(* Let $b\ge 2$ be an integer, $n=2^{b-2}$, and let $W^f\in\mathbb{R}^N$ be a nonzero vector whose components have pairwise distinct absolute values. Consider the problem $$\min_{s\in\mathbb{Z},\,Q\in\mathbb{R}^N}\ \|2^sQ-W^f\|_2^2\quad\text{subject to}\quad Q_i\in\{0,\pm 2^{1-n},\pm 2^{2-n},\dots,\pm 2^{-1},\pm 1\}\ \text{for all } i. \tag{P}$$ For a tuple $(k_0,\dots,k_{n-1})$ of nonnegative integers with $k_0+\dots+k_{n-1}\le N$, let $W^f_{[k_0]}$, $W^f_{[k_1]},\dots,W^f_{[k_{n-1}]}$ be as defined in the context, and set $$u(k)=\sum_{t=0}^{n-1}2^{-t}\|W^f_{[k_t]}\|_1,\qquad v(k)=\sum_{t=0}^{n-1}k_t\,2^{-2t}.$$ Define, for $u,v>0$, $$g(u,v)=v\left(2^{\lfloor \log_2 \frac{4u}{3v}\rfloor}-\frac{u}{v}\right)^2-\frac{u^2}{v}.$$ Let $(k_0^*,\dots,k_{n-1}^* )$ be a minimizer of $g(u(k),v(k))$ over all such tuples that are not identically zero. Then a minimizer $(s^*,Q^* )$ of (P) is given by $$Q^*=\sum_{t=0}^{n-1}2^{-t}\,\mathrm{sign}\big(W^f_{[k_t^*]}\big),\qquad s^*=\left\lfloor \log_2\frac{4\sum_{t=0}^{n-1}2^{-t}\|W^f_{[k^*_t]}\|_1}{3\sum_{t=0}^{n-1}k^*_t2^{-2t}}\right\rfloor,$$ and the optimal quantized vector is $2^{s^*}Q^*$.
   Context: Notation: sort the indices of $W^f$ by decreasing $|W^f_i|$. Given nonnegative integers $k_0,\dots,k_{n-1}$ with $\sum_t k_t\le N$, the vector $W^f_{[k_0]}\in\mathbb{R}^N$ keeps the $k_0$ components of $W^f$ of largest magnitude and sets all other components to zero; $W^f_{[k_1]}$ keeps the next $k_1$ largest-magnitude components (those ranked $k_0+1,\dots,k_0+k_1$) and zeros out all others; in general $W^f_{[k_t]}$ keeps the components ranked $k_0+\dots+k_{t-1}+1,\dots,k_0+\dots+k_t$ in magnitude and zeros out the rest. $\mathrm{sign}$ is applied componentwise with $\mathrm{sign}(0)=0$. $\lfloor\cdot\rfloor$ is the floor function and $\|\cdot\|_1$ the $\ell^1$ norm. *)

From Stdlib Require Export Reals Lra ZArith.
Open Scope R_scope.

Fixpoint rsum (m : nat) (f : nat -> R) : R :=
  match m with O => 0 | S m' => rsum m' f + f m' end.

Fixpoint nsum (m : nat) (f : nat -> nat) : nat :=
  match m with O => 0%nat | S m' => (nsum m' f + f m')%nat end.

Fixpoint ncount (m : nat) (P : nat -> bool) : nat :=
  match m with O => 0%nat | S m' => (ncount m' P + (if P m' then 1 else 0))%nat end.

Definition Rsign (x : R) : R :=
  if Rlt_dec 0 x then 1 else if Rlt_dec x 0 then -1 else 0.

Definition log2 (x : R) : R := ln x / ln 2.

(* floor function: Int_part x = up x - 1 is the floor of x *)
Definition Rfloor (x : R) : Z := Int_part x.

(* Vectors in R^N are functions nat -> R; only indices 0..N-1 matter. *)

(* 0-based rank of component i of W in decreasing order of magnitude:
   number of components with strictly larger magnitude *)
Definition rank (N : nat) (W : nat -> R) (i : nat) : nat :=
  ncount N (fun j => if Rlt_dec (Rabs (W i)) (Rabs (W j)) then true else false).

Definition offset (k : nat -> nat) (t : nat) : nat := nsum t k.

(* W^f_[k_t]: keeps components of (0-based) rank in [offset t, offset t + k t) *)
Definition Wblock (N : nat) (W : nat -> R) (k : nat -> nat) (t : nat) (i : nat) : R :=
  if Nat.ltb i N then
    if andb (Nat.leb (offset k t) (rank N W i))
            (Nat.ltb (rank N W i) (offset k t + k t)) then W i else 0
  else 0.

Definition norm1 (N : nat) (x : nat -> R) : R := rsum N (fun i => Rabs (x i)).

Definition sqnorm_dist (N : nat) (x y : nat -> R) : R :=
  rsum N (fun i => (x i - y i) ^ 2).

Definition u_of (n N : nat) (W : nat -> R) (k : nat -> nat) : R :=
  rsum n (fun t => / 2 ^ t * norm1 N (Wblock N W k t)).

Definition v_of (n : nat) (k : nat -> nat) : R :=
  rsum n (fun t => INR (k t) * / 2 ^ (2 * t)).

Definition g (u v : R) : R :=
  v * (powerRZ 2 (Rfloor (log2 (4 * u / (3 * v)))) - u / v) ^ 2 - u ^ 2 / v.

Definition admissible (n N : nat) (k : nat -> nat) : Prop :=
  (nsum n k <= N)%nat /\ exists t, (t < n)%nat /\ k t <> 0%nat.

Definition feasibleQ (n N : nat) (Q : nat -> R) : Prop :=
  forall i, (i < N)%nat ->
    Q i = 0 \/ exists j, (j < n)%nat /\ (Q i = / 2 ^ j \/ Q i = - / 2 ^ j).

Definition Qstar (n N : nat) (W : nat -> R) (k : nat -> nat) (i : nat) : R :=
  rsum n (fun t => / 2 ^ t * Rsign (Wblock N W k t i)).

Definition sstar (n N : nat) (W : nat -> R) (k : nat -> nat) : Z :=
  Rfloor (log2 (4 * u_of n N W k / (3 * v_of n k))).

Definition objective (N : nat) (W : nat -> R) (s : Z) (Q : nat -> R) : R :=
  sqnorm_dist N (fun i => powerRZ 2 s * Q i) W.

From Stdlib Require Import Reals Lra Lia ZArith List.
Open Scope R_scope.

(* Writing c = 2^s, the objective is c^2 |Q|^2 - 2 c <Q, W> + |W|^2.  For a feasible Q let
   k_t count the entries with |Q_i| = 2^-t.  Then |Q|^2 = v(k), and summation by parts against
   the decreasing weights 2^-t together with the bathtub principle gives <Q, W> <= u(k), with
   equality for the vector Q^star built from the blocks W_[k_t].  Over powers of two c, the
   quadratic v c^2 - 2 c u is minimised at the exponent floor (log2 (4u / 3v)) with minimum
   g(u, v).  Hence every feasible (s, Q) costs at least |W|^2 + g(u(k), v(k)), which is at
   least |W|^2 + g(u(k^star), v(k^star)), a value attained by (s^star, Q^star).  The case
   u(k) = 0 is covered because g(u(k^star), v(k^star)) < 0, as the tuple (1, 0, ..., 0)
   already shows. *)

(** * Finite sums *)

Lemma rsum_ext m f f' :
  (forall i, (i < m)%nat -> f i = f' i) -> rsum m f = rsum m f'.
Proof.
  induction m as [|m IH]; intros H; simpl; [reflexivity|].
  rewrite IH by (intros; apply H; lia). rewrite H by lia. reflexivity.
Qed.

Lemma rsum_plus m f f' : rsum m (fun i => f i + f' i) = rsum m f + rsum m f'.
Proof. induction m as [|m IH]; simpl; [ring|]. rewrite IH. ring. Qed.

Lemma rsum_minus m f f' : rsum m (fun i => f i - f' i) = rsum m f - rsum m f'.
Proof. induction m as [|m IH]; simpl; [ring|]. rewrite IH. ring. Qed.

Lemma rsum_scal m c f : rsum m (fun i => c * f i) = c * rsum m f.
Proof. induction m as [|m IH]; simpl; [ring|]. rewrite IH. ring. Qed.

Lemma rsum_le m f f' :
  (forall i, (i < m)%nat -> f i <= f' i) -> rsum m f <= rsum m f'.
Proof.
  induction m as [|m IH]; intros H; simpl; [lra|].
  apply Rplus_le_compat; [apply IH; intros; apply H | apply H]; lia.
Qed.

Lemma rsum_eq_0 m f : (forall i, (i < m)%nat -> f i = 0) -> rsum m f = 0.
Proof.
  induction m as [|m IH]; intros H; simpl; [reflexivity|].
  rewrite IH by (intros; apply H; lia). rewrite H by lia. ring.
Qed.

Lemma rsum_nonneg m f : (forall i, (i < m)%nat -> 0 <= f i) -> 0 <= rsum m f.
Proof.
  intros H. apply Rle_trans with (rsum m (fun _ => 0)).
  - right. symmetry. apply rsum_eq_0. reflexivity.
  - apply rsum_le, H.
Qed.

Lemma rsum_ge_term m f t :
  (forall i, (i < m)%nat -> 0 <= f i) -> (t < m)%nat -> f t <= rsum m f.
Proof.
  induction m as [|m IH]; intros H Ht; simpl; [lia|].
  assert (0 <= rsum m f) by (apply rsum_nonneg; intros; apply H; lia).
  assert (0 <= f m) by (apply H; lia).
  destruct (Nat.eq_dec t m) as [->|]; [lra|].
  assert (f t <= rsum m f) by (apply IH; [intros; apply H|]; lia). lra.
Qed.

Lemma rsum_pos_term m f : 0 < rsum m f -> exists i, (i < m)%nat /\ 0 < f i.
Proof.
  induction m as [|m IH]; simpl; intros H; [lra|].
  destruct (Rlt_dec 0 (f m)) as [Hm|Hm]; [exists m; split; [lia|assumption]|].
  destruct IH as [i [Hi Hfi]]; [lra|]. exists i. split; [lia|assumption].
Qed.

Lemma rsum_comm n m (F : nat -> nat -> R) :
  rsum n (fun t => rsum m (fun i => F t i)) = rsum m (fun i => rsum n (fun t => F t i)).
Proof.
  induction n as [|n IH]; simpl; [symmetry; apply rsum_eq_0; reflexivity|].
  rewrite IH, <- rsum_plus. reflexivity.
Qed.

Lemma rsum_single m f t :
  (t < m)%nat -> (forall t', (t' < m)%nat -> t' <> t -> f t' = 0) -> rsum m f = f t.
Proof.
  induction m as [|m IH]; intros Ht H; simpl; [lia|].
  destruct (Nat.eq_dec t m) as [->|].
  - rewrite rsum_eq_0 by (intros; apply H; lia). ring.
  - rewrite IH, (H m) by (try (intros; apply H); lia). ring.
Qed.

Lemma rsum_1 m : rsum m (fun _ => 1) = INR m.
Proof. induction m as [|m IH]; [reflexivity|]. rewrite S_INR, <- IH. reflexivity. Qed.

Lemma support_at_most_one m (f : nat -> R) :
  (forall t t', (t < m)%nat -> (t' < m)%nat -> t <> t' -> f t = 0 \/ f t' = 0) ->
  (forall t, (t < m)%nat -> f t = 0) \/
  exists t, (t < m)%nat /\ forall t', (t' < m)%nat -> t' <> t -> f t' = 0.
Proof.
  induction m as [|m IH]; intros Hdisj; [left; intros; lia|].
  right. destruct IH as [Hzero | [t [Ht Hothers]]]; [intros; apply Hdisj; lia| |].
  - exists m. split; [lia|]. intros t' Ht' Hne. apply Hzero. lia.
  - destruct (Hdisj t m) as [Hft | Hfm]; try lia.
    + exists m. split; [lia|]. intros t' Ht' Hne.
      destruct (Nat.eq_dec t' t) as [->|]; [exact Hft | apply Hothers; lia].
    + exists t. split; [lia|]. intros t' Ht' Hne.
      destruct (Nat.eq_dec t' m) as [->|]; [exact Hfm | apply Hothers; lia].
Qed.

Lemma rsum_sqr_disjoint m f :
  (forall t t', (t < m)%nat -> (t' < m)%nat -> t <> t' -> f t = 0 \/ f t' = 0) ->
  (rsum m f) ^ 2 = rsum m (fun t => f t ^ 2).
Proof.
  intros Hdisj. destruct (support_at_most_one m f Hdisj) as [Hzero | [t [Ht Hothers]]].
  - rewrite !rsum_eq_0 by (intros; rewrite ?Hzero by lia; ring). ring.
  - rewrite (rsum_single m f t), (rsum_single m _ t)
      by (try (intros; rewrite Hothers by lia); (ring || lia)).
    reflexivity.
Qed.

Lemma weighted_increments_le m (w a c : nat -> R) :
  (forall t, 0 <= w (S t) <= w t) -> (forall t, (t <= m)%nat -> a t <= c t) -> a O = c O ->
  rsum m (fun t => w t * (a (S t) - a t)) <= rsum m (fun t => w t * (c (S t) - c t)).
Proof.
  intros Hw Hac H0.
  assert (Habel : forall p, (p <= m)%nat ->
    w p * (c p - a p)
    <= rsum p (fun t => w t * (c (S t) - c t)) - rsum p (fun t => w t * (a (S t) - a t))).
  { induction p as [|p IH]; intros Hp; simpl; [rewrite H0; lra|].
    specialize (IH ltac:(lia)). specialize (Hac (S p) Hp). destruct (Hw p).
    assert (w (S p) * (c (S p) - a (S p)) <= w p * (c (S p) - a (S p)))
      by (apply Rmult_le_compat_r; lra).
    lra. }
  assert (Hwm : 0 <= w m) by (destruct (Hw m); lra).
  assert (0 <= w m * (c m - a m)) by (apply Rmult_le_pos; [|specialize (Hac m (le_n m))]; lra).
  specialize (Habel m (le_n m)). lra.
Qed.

----------

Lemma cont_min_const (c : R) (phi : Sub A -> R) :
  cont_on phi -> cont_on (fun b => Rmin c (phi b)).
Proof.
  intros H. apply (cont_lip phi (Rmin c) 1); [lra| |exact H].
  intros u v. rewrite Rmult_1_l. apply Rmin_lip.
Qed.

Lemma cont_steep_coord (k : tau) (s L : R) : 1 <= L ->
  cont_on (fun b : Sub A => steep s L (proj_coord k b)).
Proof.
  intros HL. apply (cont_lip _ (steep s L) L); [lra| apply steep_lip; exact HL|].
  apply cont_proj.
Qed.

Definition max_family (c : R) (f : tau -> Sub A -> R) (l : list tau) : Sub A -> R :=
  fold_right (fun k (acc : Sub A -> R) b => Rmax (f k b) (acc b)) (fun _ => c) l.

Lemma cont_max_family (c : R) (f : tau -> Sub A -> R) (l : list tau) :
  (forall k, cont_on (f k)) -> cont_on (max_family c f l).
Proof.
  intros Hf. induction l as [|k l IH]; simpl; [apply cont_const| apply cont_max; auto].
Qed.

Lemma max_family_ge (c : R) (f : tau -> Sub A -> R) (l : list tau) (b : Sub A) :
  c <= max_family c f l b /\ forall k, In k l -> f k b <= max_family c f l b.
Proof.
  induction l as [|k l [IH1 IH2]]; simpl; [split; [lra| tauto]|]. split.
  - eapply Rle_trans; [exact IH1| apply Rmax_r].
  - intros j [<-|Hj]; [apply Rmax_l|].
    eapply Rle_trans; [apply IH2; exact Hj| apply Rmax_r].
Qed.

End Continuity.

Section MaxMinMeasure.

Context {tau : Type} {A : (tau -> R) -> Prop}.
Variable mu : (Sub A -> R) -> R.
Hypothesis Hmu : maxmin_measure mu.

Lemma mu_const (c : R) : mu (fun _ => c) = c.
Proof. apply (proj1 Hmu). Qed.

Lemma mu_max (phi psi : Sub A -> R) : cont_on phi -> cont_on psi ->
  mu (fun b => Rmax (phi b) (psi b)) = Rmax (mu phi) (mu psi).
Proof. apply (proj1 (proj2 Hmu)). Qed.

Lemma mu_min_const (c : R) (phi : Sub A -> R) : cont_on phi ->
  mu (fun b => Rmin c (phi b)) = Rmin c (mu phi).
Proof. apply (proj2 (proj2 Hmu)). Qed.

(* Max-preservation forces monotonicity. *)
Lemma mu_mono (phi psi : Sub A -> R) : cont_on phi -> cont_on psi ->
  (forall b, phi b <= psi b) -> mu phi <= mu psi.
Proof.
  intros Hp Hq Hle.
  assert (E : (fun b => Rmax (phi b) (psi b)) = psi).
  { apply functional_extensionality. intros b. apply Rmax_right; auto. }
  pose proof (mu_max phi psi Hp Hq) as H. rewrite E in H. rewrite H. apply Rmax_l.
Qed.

----------

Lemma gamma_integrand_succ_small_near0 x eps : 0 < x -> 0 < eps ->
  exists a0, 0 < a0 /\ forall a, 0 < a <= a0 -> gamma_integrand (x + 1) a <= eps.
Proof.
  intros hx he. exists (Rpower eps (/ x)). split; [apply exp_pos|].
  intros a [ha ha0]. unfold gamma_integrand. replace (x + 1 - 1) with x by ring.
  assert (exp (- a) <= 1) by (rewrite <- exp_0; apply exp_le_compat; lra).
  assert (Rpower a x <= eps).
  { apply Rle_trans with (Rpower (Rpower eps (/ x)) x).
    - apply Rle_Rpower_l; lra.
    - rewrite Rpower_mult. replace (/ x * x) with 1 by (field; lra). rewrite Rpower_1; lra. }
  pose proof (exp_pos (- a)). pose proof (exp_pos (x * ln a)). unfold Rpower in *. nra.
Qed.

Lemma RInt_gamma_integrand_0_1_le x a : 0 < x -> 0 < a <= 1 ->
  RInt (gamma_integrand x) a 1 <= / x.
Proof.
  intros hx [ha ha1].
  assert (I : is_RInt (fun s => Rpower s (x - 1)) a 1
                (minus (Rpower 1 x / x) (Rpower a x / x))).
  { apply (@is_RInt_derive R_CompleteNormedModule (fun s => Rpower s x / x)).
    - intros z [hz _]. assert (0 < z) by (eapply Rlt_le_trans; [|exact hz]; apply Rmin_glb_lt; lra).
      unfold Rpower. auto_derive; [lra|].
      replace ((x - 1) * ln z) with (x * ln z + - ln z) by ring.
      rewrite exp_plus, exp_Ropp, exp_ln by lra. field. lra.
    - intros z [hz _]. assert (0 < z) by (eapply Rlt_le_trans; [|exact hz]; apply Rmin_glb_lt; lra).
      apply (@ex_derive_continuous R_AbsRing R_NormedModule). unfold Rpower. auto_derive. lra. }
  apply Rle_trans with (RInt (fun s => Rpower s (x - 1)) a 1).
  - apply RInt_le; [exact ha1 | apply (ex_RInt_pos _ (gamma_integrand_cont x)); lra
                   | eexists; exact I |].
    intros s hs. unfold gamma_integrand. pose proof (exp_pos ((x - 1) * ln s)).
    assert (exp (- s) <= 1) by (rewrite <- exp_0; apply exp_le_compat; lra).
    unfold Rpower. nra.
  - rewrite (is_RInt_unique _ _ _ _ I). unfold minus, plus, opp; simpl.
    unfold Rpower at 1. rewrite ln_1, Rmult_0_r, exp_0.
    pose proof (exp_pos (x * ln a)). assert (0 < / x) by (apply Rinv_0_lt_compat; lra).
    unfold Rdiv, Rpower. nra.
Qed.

----------

Task brief: Using the records above, copy word for word the line with "intros hx [ha ha1].", the line with "apply (@ex_derive_continuous R_AbsRing", and every line between them.

Solution below:
  intros hx [ha ha1].
  assert (I : is_RInt (fun s => Rpower s (x - 1)) a 1
                (minus (Rpower 1 x / x) (Rpower a x / x))).
  { apply (@is_RInt_derive R_CompleteNormedModule (fun s => Rpower s x / x)).
    - intros z [hz _]. assert (0 < z) by (eapply Rlt_le_trans; [|exact hz]; apply Rmin_glb_lt; lra).
      unfold Rpower. auto_derive; [lra|].
      replace ((x - 1) * ln z) with (x * ln z + - ln z) by ring.
      rewrite exp_plus, exp_Ropp, exp_ln by lra. field. lra.
    - intros z [hz _]. assert (0 < z) by (eapply Rlt_le_trans; [|exact hz]; apply Rmin_glb_lt; lra).
      apply (@ex_derive_continuous R_AbsRing R_NormedModule). unfold Rpower. auto_derive. lra. }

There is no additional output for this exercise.